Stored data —
/---

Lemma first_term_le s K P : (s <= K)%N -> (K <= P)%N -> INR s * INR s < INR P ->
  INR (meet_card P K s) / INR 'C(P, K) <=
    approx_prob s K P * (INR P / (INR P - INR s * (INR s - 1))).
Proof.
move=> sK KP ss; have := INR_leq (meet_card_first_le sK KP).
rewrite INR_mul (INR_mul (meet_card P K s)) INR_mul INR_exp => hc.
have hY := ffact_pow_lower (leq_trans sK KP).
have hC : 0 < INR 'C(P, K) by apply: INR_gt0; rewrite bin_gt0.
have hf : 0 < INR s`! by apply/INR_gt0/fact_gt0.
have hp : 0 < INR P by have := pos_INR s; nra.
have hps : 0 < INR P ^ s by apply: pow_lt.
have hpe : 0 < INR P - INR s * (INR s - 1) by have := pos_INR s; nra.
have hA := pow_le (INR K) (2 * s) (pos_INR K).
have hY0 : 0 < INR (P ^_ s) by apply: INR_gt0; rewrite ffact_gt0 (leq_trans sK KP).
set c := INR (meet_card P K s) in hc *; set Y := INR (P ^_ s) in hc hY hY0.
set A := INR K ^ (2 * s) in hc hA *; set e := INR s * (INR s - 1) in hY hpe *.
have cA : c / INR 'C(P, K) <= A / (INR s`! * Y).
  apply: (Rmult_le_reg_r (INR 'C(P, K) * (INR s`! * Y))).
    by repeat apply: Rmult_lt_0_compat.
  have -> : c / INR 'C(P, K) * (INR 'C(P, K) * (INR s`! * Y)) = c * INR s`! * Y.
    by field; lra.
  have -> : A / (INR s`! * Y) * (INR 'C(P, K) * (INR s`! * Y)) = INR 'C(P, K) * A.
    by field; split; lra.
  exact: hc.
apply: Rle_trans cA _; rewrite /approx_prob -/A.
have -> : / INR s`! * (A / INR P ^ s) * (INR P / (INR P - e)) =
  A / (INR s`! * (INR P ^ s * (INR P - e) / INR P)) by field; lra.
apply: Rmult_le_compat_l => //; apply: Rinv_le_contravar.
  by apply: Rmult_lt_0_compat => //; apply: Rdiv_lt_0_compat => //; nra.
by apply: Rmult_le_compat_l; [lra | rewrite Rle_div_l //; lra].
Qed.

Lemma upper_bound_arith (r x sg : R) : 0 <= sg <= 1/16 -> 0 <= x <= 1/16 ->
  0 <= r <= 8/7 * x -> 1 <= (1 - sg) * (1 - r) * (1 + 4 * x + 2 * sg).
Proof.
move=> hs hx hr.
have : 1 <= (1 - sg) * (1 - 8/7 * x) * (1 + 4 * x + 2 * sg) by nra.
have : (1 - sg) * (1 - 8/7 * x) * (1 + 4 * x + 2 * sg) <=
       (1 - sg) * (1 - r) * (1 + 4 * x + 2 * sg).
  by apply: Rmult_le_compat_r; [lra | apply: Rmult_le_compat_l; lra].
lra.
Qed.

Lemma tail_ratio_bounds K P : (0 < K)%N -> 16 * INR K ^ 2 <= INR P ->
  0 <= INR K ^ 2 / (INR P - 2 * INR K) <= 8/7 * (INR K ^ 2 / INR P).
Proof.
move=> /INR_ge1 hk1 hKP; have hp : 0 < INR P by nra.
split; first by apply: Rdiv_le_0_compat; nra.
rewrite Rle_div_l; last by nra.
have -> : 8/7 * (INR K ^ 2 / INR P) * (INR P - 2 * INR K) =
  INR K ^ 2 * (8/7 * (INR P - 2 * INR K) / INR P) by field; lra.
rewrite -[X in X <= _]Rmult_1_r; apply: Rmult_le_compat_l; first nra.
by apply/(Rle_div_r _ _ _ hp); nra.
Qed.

\---
/---

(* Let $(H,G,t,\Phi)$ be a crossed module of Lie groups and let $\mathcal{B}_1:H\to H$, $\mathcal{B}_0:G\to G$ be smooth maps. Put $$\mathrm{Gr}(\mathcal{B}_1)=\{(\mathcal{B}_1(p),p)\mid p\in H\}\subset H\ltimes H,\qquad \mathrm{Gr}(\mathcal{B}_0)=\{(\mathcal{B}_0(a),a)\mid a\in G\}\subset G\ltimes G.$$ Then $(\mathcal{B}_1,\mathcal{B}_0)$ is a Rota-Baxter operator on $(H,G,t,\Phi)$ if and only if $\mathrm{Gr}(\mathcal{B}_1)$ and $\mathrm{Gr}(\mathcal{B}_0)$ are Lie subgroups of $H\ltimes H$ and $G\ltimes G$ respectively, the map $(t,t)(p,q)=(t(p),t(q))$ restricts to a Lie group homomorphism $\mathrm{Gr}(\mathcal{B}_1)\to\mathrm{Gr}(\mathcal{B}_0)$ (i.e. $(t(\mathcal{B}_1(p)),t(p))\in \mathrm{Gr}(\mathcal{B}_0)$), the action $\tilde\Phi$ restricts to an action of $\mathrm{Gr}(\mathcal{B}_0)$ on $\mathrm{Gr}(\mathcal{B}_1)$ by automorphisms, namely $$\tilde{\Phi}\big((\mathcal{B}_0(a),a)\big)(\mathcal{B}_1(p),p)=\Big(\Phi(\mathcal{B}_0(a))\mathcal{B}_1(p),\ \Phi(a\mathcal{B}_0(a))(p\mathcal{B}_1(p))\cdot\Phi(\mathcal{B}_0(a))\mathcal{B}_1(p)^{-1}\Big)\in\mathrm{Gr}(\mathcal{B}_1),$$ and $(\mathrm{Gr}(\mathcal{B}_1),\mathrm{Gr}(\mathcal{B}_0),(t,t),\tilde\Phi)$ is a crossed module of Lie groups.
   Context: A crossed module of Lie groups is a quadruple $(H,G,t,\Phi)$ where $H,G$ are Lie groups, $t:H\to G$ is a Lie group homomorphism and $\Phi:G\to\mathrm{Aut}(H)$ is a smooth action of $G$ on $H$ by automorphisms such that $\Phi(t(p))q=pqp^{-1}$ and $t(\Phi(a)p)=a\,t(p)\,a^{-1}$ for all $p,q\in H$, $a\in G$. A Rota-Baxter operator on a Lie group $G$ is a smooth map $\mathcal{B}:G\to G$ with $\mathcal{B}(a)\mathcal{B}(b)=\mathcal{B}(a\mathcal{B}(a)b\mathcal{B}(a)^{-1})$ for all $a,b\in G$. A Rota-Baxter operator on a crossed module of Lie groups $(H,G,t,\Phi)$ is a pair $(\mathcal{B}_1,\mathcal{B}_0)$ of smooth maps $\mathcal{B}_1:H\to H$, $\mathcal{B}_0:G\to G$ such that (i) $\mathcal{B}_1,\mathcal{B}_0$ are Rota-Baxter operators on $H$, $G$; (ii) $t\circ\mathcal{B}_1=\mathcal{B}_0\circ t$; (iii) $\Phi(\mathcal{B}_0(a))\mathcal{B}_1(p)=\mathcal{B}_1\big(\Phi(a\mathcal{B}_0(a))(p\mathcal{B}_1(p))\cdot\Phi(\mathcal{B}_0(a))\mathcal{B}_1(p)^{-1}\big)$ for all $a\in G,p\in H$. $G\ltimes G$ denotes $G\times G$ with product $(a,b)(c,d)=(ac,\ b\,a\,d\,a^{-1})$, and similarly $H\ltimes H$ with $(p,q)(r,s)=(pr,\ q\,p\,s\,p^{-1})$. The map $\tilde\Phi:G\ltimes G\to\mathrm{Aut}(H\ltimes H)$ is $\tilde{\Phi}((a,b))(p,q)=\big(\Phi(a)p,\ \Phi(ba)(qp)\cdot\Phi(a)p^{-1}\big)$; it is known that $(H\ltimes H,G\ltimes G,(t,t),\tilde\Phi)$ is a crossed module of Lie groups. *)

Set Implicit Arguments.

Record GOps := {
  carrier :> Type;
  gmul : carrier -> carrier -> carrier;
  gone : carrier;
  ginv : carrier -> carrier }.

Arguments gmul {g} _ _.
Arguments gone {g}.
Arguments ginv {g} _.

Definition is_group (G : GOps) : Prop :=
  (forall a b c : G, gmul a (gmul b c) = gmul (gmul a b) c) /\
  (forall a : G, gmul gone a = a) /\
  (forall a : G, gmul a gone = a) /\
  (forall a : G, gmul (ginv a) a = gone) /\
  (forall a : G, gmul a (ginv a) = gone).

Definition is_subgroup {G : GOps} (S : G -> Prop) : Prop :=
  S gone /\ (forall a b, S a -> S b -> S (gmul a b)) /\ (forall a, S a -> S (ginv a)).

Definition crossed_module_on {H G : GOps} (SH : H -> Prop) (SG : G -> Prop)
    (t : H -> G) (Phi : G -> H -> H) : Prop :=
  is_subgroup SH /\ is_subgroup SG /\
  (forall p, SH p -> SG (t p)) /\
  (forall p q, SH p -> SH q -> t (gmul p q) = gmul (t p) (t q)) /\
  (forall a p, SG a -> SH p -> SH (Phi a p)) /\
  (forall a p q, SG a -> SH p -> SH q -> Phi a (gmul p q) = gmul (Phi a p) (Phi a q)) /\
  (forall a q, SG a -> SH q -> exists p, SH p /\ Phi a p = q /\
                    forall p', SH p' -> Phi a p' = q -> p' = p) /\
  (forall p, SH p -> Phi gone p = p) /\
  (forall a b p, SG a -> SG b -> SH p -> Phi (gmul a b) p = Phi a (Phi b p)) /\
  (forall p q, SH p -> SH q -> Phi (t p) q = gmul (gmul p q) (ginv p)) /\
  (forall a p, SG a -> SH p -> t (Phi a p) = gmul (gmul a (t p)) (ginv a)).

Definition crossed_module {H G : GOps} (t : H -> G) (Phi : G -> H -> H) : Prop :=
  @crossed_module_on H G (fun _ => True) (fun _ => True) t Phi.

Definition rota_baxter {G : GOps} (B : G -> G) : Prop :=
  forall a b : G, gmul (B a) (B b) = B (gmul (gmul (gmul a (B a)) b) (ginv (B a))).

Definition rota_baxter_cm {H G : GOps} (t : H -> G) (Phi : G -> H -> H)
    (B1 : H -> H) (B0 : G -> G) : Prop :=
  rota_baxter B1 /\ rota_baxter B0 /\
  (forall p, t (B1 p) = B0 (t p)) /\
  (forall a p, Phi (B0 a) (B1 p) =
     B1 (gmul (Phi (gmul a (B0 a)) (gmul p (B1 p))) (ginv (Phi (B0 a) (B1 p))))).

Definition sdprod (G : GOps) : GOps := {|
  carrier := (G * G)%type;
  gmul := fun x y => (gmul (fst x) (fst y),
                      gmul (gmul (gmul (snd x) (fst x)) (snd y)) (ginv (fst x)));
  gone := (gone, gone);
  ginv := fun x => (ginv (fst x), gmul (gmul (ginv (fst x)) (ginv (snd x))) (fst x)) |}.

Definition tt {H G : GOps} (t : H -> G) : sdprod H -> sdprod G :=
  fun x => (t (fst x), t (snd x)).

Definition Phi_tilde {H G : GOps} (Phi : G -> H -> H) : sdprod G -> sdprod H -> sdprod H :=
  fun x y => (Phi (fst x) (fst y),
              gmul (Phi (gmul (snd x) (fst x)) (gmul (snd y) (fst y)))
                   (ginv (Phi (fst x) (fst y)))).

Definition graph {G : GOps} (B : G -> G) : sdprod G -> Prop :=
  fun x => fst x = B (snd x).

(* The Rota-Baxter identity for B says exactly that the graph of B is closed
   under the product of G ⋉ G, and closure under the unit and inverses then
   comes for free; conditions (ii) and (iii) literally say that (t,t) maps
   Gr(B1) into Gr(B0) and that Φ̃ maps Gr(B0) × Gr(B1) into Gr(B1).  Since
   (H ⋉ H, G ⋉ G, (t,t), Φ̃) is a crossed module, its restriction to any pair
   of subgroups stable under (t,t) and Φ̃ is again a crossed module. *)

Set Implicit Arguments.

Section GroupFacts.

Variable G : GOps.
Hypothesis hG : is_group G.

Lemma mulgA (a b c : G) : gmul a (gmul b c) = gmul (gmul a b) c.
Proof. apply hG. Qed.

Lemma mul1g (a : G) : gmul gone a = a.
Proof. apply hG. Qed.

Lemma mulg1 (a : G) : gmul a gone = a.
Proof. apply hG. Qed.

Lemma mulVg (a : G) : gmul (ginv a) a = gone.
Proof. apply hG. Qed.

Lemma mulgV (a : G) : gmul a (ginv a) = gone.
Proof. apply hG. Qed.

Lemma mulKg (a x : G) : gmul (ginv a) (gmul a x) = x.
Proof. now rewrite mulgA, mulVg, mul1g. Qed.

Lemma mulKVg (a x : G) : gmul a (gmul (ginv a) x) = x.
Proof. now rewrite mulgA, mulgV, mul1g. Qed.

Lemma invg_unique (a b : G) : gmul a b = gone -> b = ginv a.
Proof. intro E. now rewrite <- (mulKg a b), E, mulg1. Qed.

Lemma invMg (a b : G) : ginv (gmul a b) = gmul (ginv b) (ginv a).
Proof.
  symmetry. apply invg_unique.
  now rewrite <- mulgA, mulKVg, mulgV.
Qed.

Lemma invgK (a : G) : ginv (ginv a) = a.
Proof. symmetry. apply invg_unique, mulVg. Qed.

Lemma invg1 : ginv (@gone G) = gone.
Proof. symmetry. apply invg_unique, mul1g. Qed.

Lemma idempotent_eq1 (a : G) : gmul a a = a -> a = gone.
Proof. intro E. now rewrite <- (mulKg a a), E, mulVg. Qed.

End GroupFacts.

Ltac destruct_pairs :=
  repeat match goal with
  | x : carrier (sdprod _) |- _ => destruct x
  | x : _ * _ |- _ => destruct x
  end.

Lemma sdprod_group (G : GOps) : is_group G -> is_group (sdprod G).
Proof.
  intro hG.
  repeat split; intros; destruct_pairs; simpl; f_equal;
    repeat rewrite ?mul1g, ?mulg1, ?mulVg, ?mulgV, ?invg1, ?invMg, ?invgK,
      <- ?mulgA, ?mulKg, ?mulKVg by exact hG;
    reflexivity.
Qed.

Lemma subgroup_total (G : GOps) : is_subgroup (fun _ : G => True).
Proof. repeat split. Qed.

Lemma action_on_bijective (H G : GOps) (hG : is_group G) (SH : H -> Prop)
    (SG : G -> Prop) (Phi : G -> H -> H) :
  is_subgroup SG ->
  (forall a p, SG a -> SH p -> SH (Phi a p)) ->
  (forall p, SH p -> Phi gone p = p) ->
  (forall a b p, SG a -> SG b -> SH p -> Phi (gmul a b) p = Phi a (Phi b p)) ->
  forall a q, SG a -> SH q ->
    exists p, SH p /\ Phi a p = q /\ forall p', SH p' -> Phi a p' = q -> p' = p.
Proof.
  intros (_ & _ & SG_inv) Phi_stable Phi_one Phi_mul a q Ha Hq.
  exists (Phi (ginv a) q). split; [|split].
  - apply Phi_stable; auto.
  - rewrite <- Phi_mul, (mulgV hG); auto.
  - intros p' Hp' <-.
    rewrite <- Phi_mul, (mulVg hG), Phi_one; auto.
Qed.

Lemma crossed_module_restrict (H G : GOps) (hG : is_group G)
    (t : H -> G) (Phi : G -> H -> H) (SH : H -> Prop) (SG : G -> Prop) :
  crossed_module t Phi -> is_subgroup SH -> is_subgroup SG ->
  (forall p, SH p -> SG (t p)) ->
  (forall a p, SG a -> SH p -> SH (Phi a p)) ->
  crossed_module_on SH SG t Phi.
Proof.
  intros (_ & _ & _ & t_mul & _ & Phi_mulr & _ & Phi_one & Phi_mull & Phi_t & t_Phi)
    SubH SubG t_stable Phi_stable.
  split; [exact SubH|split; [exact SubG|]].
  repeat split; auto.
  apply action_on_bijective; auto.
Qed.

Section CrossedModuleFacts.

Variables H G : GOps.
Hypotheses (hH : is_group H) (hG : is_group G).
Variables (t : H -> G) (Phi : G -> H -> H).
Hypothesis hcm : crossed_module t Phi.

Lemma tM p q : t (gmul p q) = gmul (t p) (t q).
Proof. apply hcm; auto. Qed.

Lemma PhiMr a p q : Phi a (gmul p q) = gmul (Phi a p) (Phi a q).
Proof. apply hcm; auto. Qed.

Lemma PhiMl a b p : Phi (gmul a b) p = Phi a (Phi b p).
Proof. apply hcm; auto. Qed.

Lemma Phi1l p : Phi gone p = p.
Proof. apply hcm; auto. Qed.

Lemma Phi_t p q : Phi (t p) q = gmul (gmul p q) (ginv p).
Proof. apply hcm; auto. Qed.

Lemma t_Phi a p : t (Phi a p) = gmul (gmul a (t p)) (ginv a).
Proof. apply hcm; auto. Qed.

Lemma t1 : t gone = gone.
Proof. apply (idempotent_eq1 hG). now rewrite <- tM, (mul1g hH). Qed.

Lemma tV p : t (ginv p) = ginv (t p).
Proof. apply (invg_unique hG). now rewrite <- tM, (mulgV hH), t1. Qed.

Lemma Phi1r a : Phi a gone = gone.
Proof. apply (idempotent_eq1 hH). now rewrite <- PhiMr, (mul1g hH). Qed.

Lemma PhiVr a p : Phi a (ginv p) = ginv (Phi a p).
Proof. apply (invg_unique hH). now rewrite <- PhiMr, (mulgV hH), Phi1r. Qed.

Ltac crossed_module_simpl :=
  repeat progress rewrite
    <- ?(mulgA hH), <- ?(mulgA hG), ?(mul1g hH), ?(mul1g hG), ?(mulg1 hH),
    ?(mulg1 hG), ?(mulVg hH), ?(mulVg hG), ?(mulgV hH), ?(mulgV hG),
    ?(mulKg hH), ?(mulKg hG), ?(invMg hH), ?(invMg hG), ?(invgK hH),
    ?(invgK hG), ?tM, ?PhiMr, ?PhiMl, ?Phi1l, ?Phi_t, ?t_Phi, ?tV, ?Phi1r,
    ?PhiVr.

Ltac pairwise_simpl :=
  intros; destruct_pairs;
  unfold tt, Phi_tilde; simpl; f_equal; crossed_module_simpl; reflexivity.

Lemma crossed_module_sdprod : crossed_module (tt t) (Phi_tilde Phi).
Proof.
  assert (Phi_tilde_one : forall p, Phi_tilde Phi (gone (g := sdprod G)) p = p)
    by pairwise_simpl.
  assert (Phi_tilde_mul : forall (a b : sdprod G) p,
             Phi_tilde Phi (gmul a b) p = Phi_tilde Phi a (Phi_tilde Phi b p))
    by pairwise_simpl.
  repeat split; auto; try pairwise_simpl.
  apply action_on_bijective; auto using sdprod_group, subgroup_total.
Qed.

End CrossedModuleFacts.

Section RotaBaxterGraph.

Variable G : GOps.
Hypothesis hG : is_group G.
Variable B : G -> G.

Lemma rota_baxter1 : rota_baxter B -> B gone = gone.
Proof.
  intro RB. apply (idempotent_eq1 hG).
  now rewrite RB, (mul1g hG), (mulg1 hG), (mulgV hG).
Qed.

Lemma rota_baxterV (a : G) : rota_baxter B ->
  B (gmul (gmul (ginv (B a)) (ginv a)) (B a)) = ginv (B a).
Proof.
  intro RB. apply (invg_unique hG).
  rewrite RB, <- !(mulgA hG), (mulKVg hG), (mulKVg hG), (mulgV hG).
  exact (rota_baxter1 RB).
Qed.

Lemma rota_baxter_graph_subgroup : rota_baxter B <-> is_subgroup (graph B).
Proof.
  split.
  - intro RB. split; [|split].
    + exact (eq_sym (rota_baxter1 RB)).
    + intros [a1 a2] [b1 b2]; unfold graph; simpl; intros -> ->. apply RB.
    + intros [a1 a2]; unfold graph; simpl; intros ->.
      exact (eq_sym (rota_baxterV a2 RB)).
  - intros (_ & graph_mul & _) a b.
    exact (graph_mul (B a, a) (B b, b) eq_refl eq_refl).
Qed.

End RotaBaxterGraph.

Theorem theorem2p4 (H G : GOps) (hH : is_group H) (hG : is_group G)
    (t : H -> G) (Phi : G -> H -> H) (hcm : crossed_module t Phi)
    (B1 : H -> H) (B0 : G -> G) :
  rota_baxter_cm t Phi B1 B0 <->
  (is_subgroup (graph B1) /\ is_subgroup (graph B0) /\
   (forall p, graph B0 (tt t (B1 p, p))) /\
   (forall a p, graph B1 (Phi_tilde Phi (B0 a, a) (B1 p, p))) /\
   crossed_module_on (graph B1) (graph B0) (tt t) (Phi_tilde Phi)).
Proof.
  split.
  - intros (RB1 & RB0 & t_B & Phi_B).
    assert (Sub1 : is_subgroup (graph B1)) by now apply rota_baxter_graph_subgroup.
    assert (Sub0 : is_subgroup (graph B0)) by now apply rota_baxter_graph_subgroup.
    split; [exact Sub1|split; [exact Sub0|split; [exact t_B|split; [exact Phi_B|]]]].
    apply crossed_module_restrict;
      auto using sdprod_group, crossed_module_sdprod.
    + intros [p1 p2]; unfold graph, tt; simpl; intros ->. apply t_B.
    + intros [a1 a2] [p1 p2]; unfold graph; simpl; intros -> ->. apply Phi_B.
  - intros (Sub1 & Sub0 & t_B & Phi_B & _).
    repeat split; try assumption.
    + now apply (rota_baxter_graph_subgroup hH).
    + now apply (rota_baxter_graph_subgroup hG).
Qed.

\---

Work to complete — Find and copy each line of the data where "True" is present.

Output for this exercise —
  @crossed_module_on H G (fun _ => True) (fun _ => True) t Phi.
Lemma subgroup_total (G : GOps) : is_subgroup (fun _ : G => True).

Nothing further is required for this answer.